(Saved entries)
== Segment start ==

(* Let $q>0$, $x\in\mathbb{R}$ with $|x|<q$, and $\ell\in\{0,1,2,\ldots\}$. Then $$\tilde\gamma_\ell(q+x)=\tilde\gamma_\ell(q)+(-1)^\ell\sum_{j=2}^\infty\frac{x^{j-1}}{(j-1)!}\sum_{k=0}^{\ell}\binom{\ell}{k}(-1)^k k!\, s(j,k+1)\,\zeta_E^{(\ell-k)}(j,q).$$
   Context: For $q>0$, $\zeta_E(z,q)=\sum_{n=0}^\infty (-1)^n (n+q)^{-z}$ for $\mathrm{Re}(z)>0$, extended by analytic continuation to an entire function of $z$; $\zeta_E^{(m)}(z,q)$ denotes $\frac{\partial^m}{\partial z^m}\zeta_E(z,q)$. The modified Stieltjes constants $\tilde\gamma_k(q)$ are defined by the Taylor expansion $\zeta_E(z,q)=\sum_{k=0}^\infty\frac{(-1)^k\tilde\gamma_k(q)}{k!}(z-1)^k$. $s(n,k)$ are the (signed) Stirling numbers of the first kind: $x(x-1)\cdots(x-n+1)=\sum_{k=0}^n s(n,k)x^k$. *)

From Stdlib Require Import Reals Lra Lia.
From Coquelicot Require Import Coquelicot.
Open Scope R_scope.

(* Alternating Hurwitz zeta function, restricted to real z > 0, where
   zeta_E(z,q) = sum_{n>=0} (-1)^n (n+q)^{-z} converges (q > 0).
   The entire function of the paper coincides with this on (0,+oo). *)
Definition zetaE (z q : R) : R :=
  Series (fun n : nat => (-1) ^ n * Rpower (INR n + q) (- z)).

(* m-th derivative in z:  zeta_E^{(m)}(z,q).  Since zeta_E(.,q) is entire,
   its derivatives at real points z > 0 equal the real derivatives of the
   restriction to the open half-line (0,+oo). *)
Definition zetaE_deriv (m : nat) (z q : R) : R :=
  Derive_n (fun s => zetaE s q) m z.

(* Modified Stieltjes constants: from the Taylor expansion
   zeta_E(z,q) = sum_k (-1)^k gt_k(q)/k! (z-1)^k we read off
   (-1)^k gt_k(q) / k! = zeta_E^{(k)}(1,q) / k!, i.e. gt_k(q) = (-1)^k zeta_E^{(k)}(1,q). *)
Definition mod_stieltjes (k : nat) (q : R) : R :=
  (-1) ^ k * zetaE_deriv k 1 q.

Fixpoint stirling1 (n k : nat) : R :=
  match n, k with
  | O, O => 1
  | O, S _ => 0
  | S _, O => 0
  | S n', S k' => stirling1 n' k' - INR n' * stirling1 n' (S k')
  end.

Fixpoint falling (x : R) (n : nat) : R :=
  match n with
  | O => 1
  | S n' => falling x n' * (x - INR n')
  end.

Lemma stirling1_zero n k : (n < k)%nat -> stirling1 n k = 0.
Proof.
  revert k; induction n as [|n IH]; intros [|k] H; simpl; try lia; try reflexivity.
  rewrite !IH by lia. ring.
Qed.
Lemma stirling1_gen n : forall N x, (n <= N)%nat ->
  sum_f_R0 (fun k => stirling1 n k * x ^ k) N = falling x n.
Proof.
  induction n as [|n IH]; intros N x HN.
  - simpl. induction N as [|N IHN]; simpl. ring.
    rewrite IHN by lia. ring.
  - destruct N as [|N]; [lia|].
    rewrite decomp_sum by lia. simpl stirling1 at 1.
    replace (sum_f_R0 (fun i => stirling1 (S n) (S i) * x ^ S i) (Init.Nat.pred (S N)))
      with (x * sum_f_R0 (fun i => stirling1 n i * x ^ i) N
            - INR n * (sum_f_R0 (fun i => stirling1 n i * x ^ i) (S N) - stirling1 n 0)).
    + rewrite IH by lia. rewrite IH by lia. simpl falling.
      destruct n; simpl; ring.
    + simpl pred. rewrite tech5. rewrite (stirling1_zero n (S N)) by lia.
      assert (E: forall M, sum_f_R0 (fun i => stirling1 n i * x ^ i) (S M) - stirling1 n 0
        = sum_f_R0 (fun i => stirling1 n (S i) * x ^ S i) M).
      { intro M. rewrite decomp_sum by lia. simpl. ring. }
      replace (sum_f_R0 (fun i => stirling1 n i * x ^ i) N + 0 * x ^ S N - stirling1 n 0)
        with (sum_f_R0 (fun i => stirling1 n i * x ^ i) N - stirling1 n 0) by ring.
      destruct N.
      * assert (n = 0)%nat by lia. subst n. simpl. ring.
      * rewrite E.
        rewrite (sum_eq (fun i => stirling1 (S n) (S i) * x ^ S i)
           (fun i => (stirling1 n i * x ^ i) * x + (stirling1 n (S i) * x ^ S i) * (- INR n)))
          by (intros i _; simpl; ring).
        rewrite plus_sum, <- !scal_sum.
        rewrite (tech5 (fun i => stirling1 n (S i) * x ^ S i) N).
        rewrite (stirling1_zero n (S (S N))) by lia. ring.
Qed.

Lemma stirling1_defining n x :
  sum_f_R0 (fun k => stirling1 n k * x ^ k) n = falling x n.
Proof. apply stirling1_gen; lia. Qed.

== Segment end ==

> **ASSIGNMENT**
Find every line of the records holding "Require". Answer with the count alone.

> **ANSWER BELOW**
2